4.3

/10

withdrawn4 位审稿人

最低3最高6标准差1.3

4.0

置信度

正确性2.0

贡献度2.0

表达2.3

ICLR 2025

Enhancing Event Camera Data Pretraining via Prompt-Tuning with Visual Models

Quanmin Liang,Qiang Li,Xinzi Cao,Jinyi Lu,Mingyue Cui,Feidiao Yang,Wei Zhang,Kai Huang,Yonghong Tian

OpenReview PDF

提交: 2024-09-27更新: 2024-11-13

摘要

关键词

Event cameraPretrainingPrompt-tuning

评审与讨论

审稿意见

评分: 3置信度: 42024-10-19

This paper proposes STP, a prompt-tuning method for model pre-training for event camera data. STP converts raw event streams into regular spatio-temporal grids, fuses their information, and input to a pre-trained model from the RGB domain. The core idea of this work is that both spatial and temporal information are crucial for event-based perception tasks. Thus, the authors design a Overlap Patch Embedding module for learning spatial interactions, and a Temporal Transformer for learning temporal interactions. Experiments show strong results on classification, semantic segmentation, and optical flow estimation tasks.

优点

Leveraging pre-trained models from RGB domain for event camera data is an important direction, as event datasets are all relatively small. Prompt tuning is a promising direction for label-efficient model adaptation.
The spatio-temporal fusion design is intuitive and reasonable. Ablations in Table 3. validate the design choice.
The performance on N-ImageNet is impressive. Results on semantic segmentation and optical flow estimation also beat prior works, though I have concern about the baseline selection (see Weakness)

缺点

My main concern is that this paper seems to ignore a very important baseline: ECDDP [1]. This work is published at ECCV, and appeared on arXiv in 2023. It also works on the event camera data pre-training task with similar downstream task evaluations. I think it should definitely be discussed and compared to.

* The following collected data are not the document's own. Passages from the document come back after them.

Lemma cvcoordE (n : nat) (v : 'cV[V]_n) (i : 'I_n) : cvcoord v i = v i 0.
Proof. by rewrite /cvcoord valK. Qed.

Lemma cvcoord_pairs_eq0 (n : nat) (v : 'cV[V]_(n * 2)) :
  (forall k, (k < n)%N -> cvcoord v (2 * k) = 0 /\ cvcoord v (2 * k).+1 = 0) -> v = 0.
Proof.
move=> v_eq0; apply/matrixP => i j; rewrite (ord1 j) !mxE -cvcoordE.
move: (nat_of_ord i) (ltn_ord i) => l lt_l.
have [even_eq0 odd_eq0] := v_eq0 (l %/ 2)%N ltac:(lia).
by rewrite (divn_eq l 2) modn2 (mulnC (l %/ 2)%N); case: (odd l); rewrite ?addn0 ?addn1.
Qed.

End Coordinates.

Lemma big_nat_pairs (V : nmodType) (n : nat) (f : nat -> V) :
  \sum_(0 <= l < n * 2) f l = \sum_(0 <= i < n) (f (2 * i)%N + f (2 * i).+1).
Proof.
elim: n => [|n IH]; first by rewrite mul0n !big_geq.
have -> : (n.+1 * 2 = (n * 2).+2)%N by lia.
rewrite !big_nat_recr //= IH -addrA; congr (_ + (f _ + f _)); lia.
Qed.

Lemma big_nat_pair_eq (V : nmodType) (n m : nat) (f : nat -> V) :
  \sum_(0 <= l < n * 2) (if (l %/ 2 == m)%N then f l else 0) =
  if (m < n)%N then f (2 * m)%N + f (2 * m).+1 else 0.
Proof.
rewrite -[(m < n)%N]/(0 <= m < n)%N.
rewrite -(big_nat1_eq +%R (fun i => f (2 * i)%N + f (2 * i).+1)) big_mkcond big_nat_pairs.
apply: eq_big_nat => i _.
have -> : ((2 * i) %/ 2 = i)%N by lia.
have -> : ((2 * i).+1 %/ 2 = i)%N by lia.
by case: eqP; rewrite ?addr0.
Qed.

Section WalkRecurrence.
Variable R : realType.
Local Notation C := (complex R).
Variable U : 'M[C]_2.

In fact, the semantic segmentation performance of this work is not higher than ECDDP. In addition, the optical flow estimation performance of this work is much worse.

[1] Yang, Yan, Liyuan Pan, and Liu Liu. "Event Camera Data Dense Pre-training." ECCV. 2024.

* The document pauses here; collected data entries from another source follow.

(* Let $M$ be a matroid on a finite set $E$ with $r(M)>0$. Then $F(M)$ is a partition of $\cup\mathcal{B}(M)$ if and only if $M$ is a unique expansion matroid.
   Context: A matroid $M=(E,\mathcal{I})$ has independent sets $\mathcal{I}(M)$; $\mathcal{B}(M)$ denotes its family of bases (maximal independent sets), $r(M)$ the common cardinality of its bases, and $r(X)$ the rank of $X\subseteq E$ (maximum size of an independent subset of $X$). For a set family $S$, $\cup S=\bigcup_{X\in S}X$. A partition of a set $U$ is a family of nonempty, pairwise disjoint subsets of $U$ whose union is $U$. For $r(M)>0$: the secondary base family is $s(M)=\{A\in\mathcal{I}(M): |A|=r(M)-1\}$; for $X\subseteq E$, $K_M(X)=\{a\in E: r(X\cup\{a\})=r(X)+1\}$; the forming base family is $F(M)=\{K_M(X): X\in s(M)\}$. $M$ is a unique expansion matroid if for every $B\in\mathcal{B}(M)$ and every $A\in s(M)$, whenever $e_1,e_2\in B$ satisfy $A\cup\{e_1\}\in\mathcal{B}(M)$ and $A\cup\{e_2\}\in\mathcal{B}(M)$, then $e_1=e_2$. *)

From mathcomp Require Import all_boot.
Set Implicit Arguments. Unset Strict Implicit. Unset Printing Implicit Defensive.

Section Matroid.
Variable E : finType.
Implicit Types (I : {set {set E}}) (X A B : {set E}).

Definition is_matroid I : Prop :=
  [/\ set0 \in I,
      (forall A B, B \in I -> A \subset B -> A \in I) &
      (forall A B, A \in I -> B \in I -> #|A| < #|B| ->
         exists2 e, e \in B :\: A & e |: A \in I)].

Definition rk I X : nat := \max_(A in I | A \subset X) #|A|.

Definition rM I : nat := rk I setT.

Definition bases I : {set {set E}} := [set B | maxset (mem I) B].

Definition sec I : {set {set E}} := [set A in I | #|A| == (rM I).-1].

Definition KM I X : {set E} := [set a | rk I (a |: X) == (rk I X).+1].

Definition Fam I : {set {set E}} := [set KM I X | X in sec I].

Definition unique_expansion I : Prop :=
  forall B A e1 e2, B \in bases I -> A \in sec I ->
    e1 \in B -> e2 \in B ->
    A :|: [set e1] \in bases I -> A :|: [set e2] \in bases I -> e1 = e2.

End Matroid.

(** For [X] in [s(M)], [a] lies in [K(X)] exactly when [X + a] is a basis.
    Hence every basis element [x] of [B] lies in [K(B - x)], and every [K(X)]
    is nonempty (augment [X] from a basis), so [F(M)] is a partition of
    [cup B(M)] iff its blocks are pairwise disjoint.  If they are, and
    [A + e1], [A + e2] are bases with [e1, e2] in a basis [B], then [e1] lies
    in both [K(A)] and [K(B - e1)], so [e2 in K(B - e1)], which is absurd.
    Conversely, under unique expansion two distinct elements [a, b] of one
    block [K(X)] are dependent (otherwise extend [{a, b}] to a basis inside
    [X + a]); so if [a in K(Y)] too, extending [{b}] to a basis inside
    [Y + a + b] must avoid [a], which yields the basis [Y + b]. *)
From mathcomp Require Import all_boot zify.
Set Implicit Arguments. Unset Strict Implicit. Unset Printing Implicit Defensive.

Section Matroid.
Variable E : finType.
Variable I : {set {set E}}.
Hypothesis matroidI : is_matroid I.
Implicit Types (X Y A B S T : {set E}).

Lemma indep0 : set0 \in I.
Proof. by case: matroidI. Qed.

Lemma indep_subset A B : B \in I -> A \subset B -> A \in I.
Proof. by case: matroidI => _ sub _; apply: sub. Qed.

Lemma indep_augment A B : A \in I -> B \in I -> #|A| < #|B| ->
  exists2 e, e \in B :\: A & e |: A \in I.
Proof. by case: matroidI => _ _ aug; apply: aug. Qed.

Lemma leq_card_rk A X : A \in I -> A \subset X -> #|A| <= rk I X.
Proof. by move=> AI AX; apply: (leq_bigmax_cond A); rewrite AI AX. Qed.

Lemma rk_witness X : exists2 A, (A \in I) && (A \subset X) & #|A| = rk I X.
Proof.
have indep0_sub : (set0 \in I) && (set0 \subset X) by rewrite indep0 sub0set.
rewrite /rk (@bigmax_eq_arg _ set0) //.
by case: arg_maxnP => // A AIX _; exists A.
Qed.

Lemma rk_le_card X : rk I X <= #|X|.
Proof.
by have [A /andP[_ AX] <-] := rk_witness X; apply: subset_leq_card.
Qed.

Lemma rk_indep X : X \in I -> rk I X = #|X|.
Proof. by move=> XI; apply/eqP; rewrite eqn_leq rk_le_card leq_card_rk. Qed.

Lemma leq_card_rM A : A \in I -> #|A| <= rM I.
Proof. by move=> AI; apply: leq_card_rk (subsetT A). Qed.

Lemma rM_witness : exists2 T, T \in I & #|T| = rM I.
Proof. by have [T /andP[TI _] cardT] := rk_witness setT; exists T. Qed.

Lemma indep_extend S T : S \in I -> T \in I -> #|S| <= #|T| ->
  exists S', [/\ S \subset S', S' \subset S :|: T, S' \in I & #|S'| = #|T|].
Proof.
move=> SI TI /subnKC; move: (#|T| - #|S|) => n.
elim: n S SI => [|n IH] S SI cardST.
  by exists S; rewrite subxx subsetUl SI -cardST addn0.
have [|e /setDP[eT eS] eSI] := indep_augment SI TI; first by lia.
have [|S' [eSS' S'sub S'I cardS']] := IH _ eSI; first by rewrite cardsU1 eS; lia.
exists S'; split=> //; first exact: subset_trans (subsetUr [set e] S) eSS'.
apply: subset_trans S'sub _; rewrite -setUA subUset subxx andbT.
by rewrite sub1set inE eT orbT.
Qed.

Lemma basesE B : (B \in bases I) = (B \in I) && (#|B| == rM I).
Proof.
rewrite inE; apply/maxsetP/andP => [[BI maxB] | [BI /eqP cardB]].
  split=> //; rewrite eqn_leq leq_card_rM //=; rewrite leqNgt; apply/negP => ltBr.
  have [T TI cardT] := rM_witness.
  have [|e /setDP[_ eB] eBI] := indep_augment BI TI; first by rewrite cardT.
  by move: eB; rewrite -(maxB _ eBI (subsetUr [set e] B)) setU11.
split=> // C CI BC; apply/eqP; rewrite eq_sym eqEcard BC.
by rewrite cardB leq_card_rM.
Qed.

Lemma secE X : (X \in sec I) = (X \in I) && (#|X| == (rM I).-1).
Proof. by rewrite inE. Qed.

Lemma KM_indep X a : X \in I -> (a \in KM I X) = (a \notin X) && (a |: X \in I).
Proof.
move=> XI; rewrite inE (rk_indep XI); apply/eqP/andP => [rkaX | [aX aXI]].
  have [A /andP[AI AaX] cardA] := rk_witness (a |: X).
  have card_aX : #|a |: X| <= #|X|.+1 by rewrite cardsU1; case: (a \in X).
  have /eqP eqA : A == a |: X by rewrite eqEcard AaX cardA rkaX.
  move: cardA AI; rewrite rkaX eqA cardsU1 => cardaX ->; split=> //.
  by apply/negP => aX; rewrite aX /= in cardaX; lia.
by rewrite rk_indep // cardsU1 aX.
Qed.

Lemma setD1_bases_sec B x : B \in bases I -> x \in B -> B :\ x \in sec I.
Proof.
rewrite basesE secE => /andP[BI /eqP <-] xB.
by rewrite (indep_subset BI (subsetDl B _)) [#|B|](cardsD1 x B) xB eqxx.
Qed.

Hypothesis rM_gt0 : 0 < rM I.

Lemma bases_setU1 X a : X \in sec I -> (a |: X \in bases I) = (a \in KM I X).
Proof.
rewrite secE => /andP[XI /eqP cardX]; rewrite KM_indep // basesE cardsU1 cardX.
by case: (a \in X); rewrite /= ?andbF ?andbT //; apply/eqP; lia.
Qed.

Lemma cover_Fam : cover (Fam I) = cover (bases I).
Proof.
apply/setP => x; apply/bigcupP/bigcupP => [[_ /imsetP[X secX ->] xK] | [B BB xB]].
  by exists (x |: X); rewrite ?setU11 ?bases_setU1.
have secBx := setD1_bases_sec BB xB.
by exists (KM I (B :\ x)); rewrite ?imset_f // -bases_setU1 // setD1K.
Qed.

Lemma set0_notin_Fam : set0 \notin Fam I.
Proof.
apply/imsetP => -[X secX KX0]; move: secX; rewrite secE => /andP[XI /eqP cardX].
have [T TI cardT] := rM_witness.
have [|e /setDP[_ eX] eXI] := indep_augment XI TI; first by rewrite cardX cardT; lia.
by have := KM_indep e XI; rewrite -KX0 inE eX eXI.
Qed.

Lemma partition_Fam_trivIset :
  partition (Fam I) (cover (bases I)) = trivIset (Fam I).
Proof. by rewrite /partition cover_Fam eqxx set0_notin_Fam andbT. Qed.

Lemma trivIset_Fam_unique_expansion : trivIset (Fam I) -> unique_expansion I.
Proof.
move=> /trivIsetP disjF B A e1 e2 BB secA e1B e2B.
rewrite ![A :|: _]setUC !bases_setU1 // => e1K e2K.
have [//|ne12] := eqVneq e1 e2.
have secBe1 := setD1_bases_sec BB e1B.
have e1KB : e1 \in KM I (B :\ e1) by rewrite -bases_setU1 // setD1K.
have KBA : KM I (B :\ e1) = KM I A.
  apply/eqP; apply: contraT => neqK.
  have := disjF _ _ (imset_f _ secBe1) (imset_f _ secA) neqK.
  by move/disjoint_setI0/setP/(_ e1); rewrite inE e1KB e1K inE.
move: e2K; rewrite -KBA KM_indep; last by move: secBe1; rewrite secE => /andP[].
by rewrite !inE eq_sym ne12 e2B.
Qed.

Section UniqueExpansion.
Hypothesis UE : unique_expansion I.

Lemma KM_pair_dependent X a b : X \in sec I -> a \in KM I X -> b \in KM I X ->
  a != b -> [set a; b] \notin I.
Proof.
move=> secX aK bK neab; apply/negP => abI.
have := aK; rewrite -bases_setU1 // basesE => /andP[aXI /eqP card_aX].
have [|S [abS _ SI cardS]] := indep_extend abI aXI; first by rewrite card_aX leq_card_rM.
have SB : S \in bases I by rewrite basesE SI cardS card_aX eqxx.
have /subsetP abS' := abS.
have ab : a = b.
  by apply: (UE SB secX (abS' _ (set21 a b)) (abS' _ (set22 a b)));
    rewrite setUC bases_setU1.
by rewrite ab eqxx in neab.
Qed.

Lemma KM_subset X Y a : X \in sec I -> Y \in sec I ->
  a \in KM I X -> a \in KM I Y -> KM I X \subset KM I Y.
Proof.
move=> secX secY aKX aKY; apply/subsetP => b bKX.
have [-> //|neba] := eqVneq b a.
have ab_dep : [set a; b] \notin I by apply: KM_pair_dependent secX aKX bKX _; rewrite eq_sym.
have no_indep_ab C : C \in I -> a \in C -> b \in C -> False.
  move=> CI aC bC; move/negP: ab_dep; apply; apply: indep_subset CI _.
  by rewrite subUset !sub1set aC bC.
have := secY; rewrite secE => /andP[YI /eqP cardY].
have := aKY; rewrite -bases_setU1 // basesE => /andP[aYI /eqP card_aY].
have bY : b \notin Y.
  by apply/negP => bY; apply: (no_indep_ab _ aYI); rewrite !inE ?eqxx ?bY ?orbT.
have bI : [set b] \in I.
  have := bKX; rewrite -bases_setU1 // basesE => /andP[bXI _].
  by apply: indep_subset bXI _; rewrite sub1set setU11.
have [|S [bS Ssub SI cardS]] := indep_extend bI aYI; first by rewrite cards1 card_aY.
have aS : a \notin S by apply/negP => aS; apply: (no_indep_ab _ SI aS); rewrite -sub1set.
have SbY : S \subset b |: Y.
  apply/subsetP => x xS; move/subsetP: Ssub => /(_ x xS).
  rewrite !inE => /or3P[-> // | /eqP xa | ->]; last by rewrite orbT.
  by rewrite -xa xS in aS.
have /eqP SE : S == b |: Y.
  by rewrite eqEcard SbY cardS card_aY cardsU1 bY cardY add1n prednK ?leqnn.
by rewrite KM_indep // bY -SE.
Qed.

Lemma unique_expansion_trivIset_Fam : trivIset (Fam I).
Proof.
apply/trivIsetP => _ _ /imsetP[X secX ->] /imsetP[Y secY ->] neqK.
rewrite -setI_eq0; apply: contraR neqK => /set0Pn[a /setIP[aX aY]].
by rewrite eqEsubset (KM_subset secX secY aX aY) (KM_subset secY secX aY aX).
Qed.

End UniqueExpansion.
End Matroid.

Theorem theorem4 (E : finType) (I : {set {set E}}) :
  is_matroid I -> 0 < rM I ->
  (partition (Fam I) (cover (bases I)) <-> unique_expansion I).
Proof.
move=> matroidI rM_gt0; rewrite partition_Fam_trivIset //.
split; first exact: trivIset_Fam_unique_expansion.
exact: unique_expansion_trivIset_Fam.
Qed.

I also have a question about the designed event representation. The authors claim that their SpatioTemporal Event Count Image (STECM) is novel, but I think similar design has already appeared in prior works. For example, the spatio-temporal voxel grid representation in [2], where they also merge events within small temporal bins, and process positive and negative polarity separately.
In addition, I am curious about why you need to convert the entire event stream into one ECM and concatenate it with tECM. Isn't this information redundant? Because this global ECM is just the sum of all tECM.

[2] Zou, Yunhao, et al. "Learning to reconstruct high speed and high dynamic range videos from events." CVPR. 2021.

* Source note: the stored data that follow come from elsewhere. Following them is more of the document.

(* Let $G$ be a Garside group with Garside element $\Delta$, let $g\in G$, and let $a,b,k$ be nonzero integers. (i) If $g^{kb}$ is conjugate to $\Delta^{ka}$, then $g^b$ is conjugate to $\Delta^a$. (ii) If each of $g^a$ and $g^b$ is conjugate to a power of $\Delta$, then $g^{\gcd(a,b)}$ is conjugate to a power of $\Delta$.
   Context: $G$ is a Garside group: the group of fractions of a Garside monoid $G^+$ (an atomic, left and right cancellative monoid that is a lattice under both the prefix order and the suffix order, with a distinguished element $\Delta$, the Garside element, whose left and right divisors coincide, form a finite set, and generate $G^+$). *)

(* an abstract (possibly infinite) group with explicit axioms,
   and the Garside structure given by a submonoid P (= G^+) and Delta. *)
From Stdlib Require Import ZArith List.
Import ListNotations.

Record Group := {
  car :> Type;
  gmul : car -> car -> car;
  gone : car;
  ginv : car -> car;
  gmulA : forall x y z, gmul x (gmul y z) = gmul (gmul x y) z;
  gmul1l : forall x, gmul gone x = x;
  gmul1r : forall x, gmul x gone = x;
  gmulVl : forall x, gmul (ginv x) x = gone;
  gmulVr : forall x, gmul x (ginv x) = gone
}.

Arguments gmul {g}.
Arguments gone {g}.
Arguments ginv {g}.

Section Defs.
Variable G : Group.

Definition gprod (l : list G) : G := fold_right gmul gone l.

Fixpoint gpow (x : G) (n : nat) : G :=
  match n with O => gone | S n => gmul x (gpow x n) end.

Definition zpow (x : G) (z : Z) : G :=
  match z with
  | Z0 => gone
  | Zpos p => gpow x (Pos.to_nat p)
  | Zneg p => ginv (gpow x (Pos.to_nat p))
  end.

Definition conjugate (x y : G) : Prop := exists h : G, gmul (ginv h) (gmul x h) = y.

Variable P : G -> Prop.

Definition submonoid : Prop :=
  P gone /\ forall x y, P x -> P y -> P (gmul x y).

Inductive gen : G -> Prop :=
| gen_in : forall x, P x -> gen x
| gen_one : gen gone
| gen_mul : forall x y, gen x -> gen y -> gen (gmul x y)
| gen_inv : forall x, gen x -> gen (ginv x).

Definition prefix (a b : G) : Prop := exists c, P c /\ gmul a c = b.
Definition suffix (a b : G) : Prop := exists c, P c /\ gmul c a = b.

Definition atomic : Prop :=
  forall x, P x -> exists N : nat, forall l : list G,
    Forall (fun y => P y /\ y <> gone) l -> gprod l = x -> length l <= N.

Definition lattice_on (le : G -> G -> Prop) : Prop :=
  forall a b, P a -> P b ->
    (exists m, P m /\ le m a /\ le m b /\
       forall c, P c -> le c a -> le c b -> le c m) /\
    (exists j, P j /\ le a j /\ le b j /\
       forall c, P c -> le a c -> le b c -> le j c).

Definition garside_element (D : G) : Prop :=
  P D /\
  (forall x, P x -> (prefix x D <-> suffix x D)) /\
  (exists l : list G, forall x, P x -> prefix x D -> In x l) /\
  (forall x, P x -> exists l : list G,
      Forall (fun y => P y /\ prefix y D) l /\ gprod l = x).

(* G is a Garside group: group of fractions of the Garside monoid P
   (P is a submonoid of G, hence cancellative, which generates G). *)
Definition garside_group (D : G) : Prop :=
  submonoid /\ (forall g, gen g) /\ atomic /\
  lattice_on prefix /\ lattice_on suffix /\ garside_element D.

End Defs.

(* Let z = Delta^e be a central power of Delta.  Such an e >= 1 exists because
   conjugation by Delta permutes the finite set of simple elements, so some power
   fixes all simples, hence all of P, hence all of G (Delta_power_central).
   Multiplying by powers of z moves any element into P (shift_into_P).

   The core fact (positive_root_conjugate): if r is in P and r^N = Delta^(N A),
   then the map F x = Delta^-A x r is monotone for the suffix order, periodic
   (F^(N e) = id since Delta^(N e A) is central) and sends the orbit of
   Delta^(N e A) into P.  As P is a lattice and P has no nontrivial units (by
   atomicity), the join of that orbit is a fixed point J, i.e. J r J⁻¹ = Delta^A.
   Shifting by central powers of Delta extends this to h^n ~ Delta^(n a) for all
   h and n <> 0 (power_root_conjugate), which is part (i).  For part (ii), distinct
   powers of a nontrivial Delta are not conjugate (Delta_powers_conjugate), and a
   divisibility argument with gcd(a, b) reduces to part (i). *)
From Stdlib Require Import ZArith List Lia Classical.
Import ListNotations.

Section GroupFacts.
Variable G : Group.
Local Infix "**" := (@gmul G) (at level 40, left associativity).
Local Notation "1" := (@gone G).

Lemma mul_cancel_l (x y z : G) : x ** y = x ** z -> y = z.
Proof.
  intro H. rewrite <- (gmul1l G y), <- (gmul1l G z), <- (gmulVl G x), <- !gmulA, H.
  reflexivity.
Qed.

Lemma mul_cancel_r (x y z : G) : y ** x = z ** x -> y = z.
Proof.
  intro H. rewrite <- (gmul1r G y), <- (gmul1r G z), <- (gmulVr G x), !gmulA, H.
  reflexivity.
Qed.

Lemma inv_unique (x y : G) : x ** y = 1 -> y = ginv x.
Proof. intro H. apply (mul_cancel_l x). rewrite H, gmulVr. reflexivity. Qed.

Lemma inv_mul (x y : G) : ginv (x ** y) = ginv y ** ginv x.
Proof.
  symmetry. apply inv_unique.
  rewrite <- gmulA, (gmulA _ y), gmulVr, gmul1l, gmulVr. reflexivity.
Qed.

Lemma inv_inv (x : G) : ginv (ginv x) = x.
Proof. symmetry. apply inv_unique, gmulVl. Qed.

Lemma inv_one : ginv 1 = 1.
Proof. symmetry. apply inv_unique, gmul1l. Qed.

(* Conjugation [x ↦ y⁻¹ x y]; [conjugate G x w] unfolds to [exists y, conj_by y x = w]. *)
Definition conj_by (y x : G) : G := ginv y ** (x ** y).

Lemma conj_by_one (x : G) : conj_by 1 x = x.
Proof. unfold conj_by. rewrite inv_one, gmul1l, gmul1r. reflexivity. Qed.

Lemma conj_by_mul (y x x' : G) : conj_by y (x ** x') = conj_by y x ** conj_by y x'.
Proof.
  unfold conj_by. rewrite !gmulA. f_equal.
  rewrite <- !gmulA, (gmulA _ y), gmulVr, gmul1l. reflexivity.
Qed.

Lemma conj_by_comp (y y' x : G) : conj_by (y ** y') x = conj_by y' (conj_by y x).
Proof. unfold conj_by. rewrite inv_mul, !gmulA. reflexivity. Qed.

Lemma conj_by_inj (y x x' : G) : conj_by y x = conj_by y x' -> x = x'.
Proof. unfold conj_by. intro H. apply mul_cancel_l, mul_cancel_r in H. exact H. Qed.

Definition central (z : G) : Prop := forall x, z ** x = x ** z.

Lemma central_one : central 1.
Proof. intro x. rewrite gmul1l, gmul1r. reflexivity. Qed.

Lemma central_conj_invariant (y z : G) : central z -> conj_by y z = z.
Proof. intro Hz. unfold conj_by. rewrite (Hz y), gmulA, gmulVl, gmul1l. reflexivity. Qed.

Lemma conj_by_central_trivial (z x : G) : central z -> conj_by z x = x.
Proof. intro Hz. unfold conj_by. rewrite <- Hz, gmulA, gmulVl, gmul1l. reflexivity. Qed.

Lemma conjugate_trans (x y z : G) : conjugate G x y -> conjugate G y z -> conjugate G x z.
Proof.
  intros [h1 <-] [h2 <-]. exists (h1 ** h2). apply conj_by_comp.
Qed.

Lemma conjugate_sym (x y : G) : conjugate G x y -> conjugate G y x.
Proof.
  intros [h <-]. exists (ginv h). change (conj_by (ginv h) (conj_by h x) = x).
  rewrite <- conj_by_comp, gmulVr. apply conj_by_one.
Qed.

Lemma conjugate_central (z w : G) : central z -> conjugate G z w -> z = w.
Proof. intros Hz [h <-]. symmetry. apply central_conj_invariant, Hz. Qed.

Lemma conj_by_gpow_fixed (y x : G) k : conj_by y x = x -> conj_by (gpow G y k) x = x.
Proof.
  intro H. induction k; simpl. { apply conj_by_one. }
  rewrite conj_by_comp, H. exact IHk.
Qed.

Lemma conj_by_gprod (y : G) l : conj_by y (gprod G l) = gprod G (map (conj_by y) l).
Proof.
  induction l as [|x l IH]; simpl. { apply central_conj_invariant, central_one. }
  rewrite conj_by_mul, IH. reflexivity.
Qed.

Lemma central_inv (z : G) : central z -> central (ginv z).
Proof.
  intros Hz x. apply (mul_cancel_l z).
  rewrite gmulA, gmulVr, gmul1l, gmulA, Hz, <- gmulA, gmulVr, gmul1r. reflexivity.
Qed.

Lemma gpow_S_r (x : G) n : gpow G x (S n) = gpow G x n ** x.
Proof.
  induction n; simpl. { rewrite gmul1r, gmul1l. reflexivity. }
  simpl in IHn. rewrite IHn, gmulA, IHn. reflexivity.
Qed.

Lemma gpow_add (x : G) m n : gpow G x (m + n) = gpow G x m ** gpow G x n.
Proof. induction m; simpl. { rewrite gmul1l. reflexivity. } rewrite IHm, gmulA. reflexivity. Qed.

Lemma gpow_mul (x : G) m n : gpow G x (m * n) = gpow G (gpow G x m) n.
Proof.
  induction n; simpl. { rewrite Nat.mul_0_r. reflexivity. }
  rewrite Nat.mul_succ_r, gpow_add, IHn, <- gpow_S_r. reflexivity.
Qed.

Lemma gpow_one n : gpow G 1 n = 1.
Proof. induction n; simpl; [|rewrite IHn, gmul1l]; reflexivity. Qed.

The Overlap Patch Embedding + Temporal Transformer design is interesting, but I wonder how much improvement it brings compared to more standard operations, e.g., factorized spatio-temporal attention (first do 2D spatial attention, then do 1D temporal attention). To save memory, you can use Swin-Transformer style attention for the spatial attention. An ablation would be appreciated.
Line 303 says "We utilize the N-ImageNet and ImageNet-1K datasets for pre-training". Where are RGB images used in the proposed framework? From Fig.2 I think STP only takes in event, no RGB image?
Line 309 says "We adopt VIT-S/16 as the pretrained classification model". No detail is given about this pre-trained ViT model. Is it supervised pre-trained in the classification task? Is it taken from Huggingface / torchhub or anywhere else? If it is supervised pre-trained, I feel it becomes a unfair comparison with baselines. I believe the backbone from MEM and ECDDP is randomly initialized, and ECDP is self-supervised pre-trained, not supervised.
Line 406 claims STP is "the first to propose a prompting-based approach for event camera". I doubt if this is true. For example, EventCLIP [3] prompts a pre-trained CLIP model to perform classification task as well. Of course, it is under a different setting (it uses text input). I would still encourage the author to discuss this work as it is relevant.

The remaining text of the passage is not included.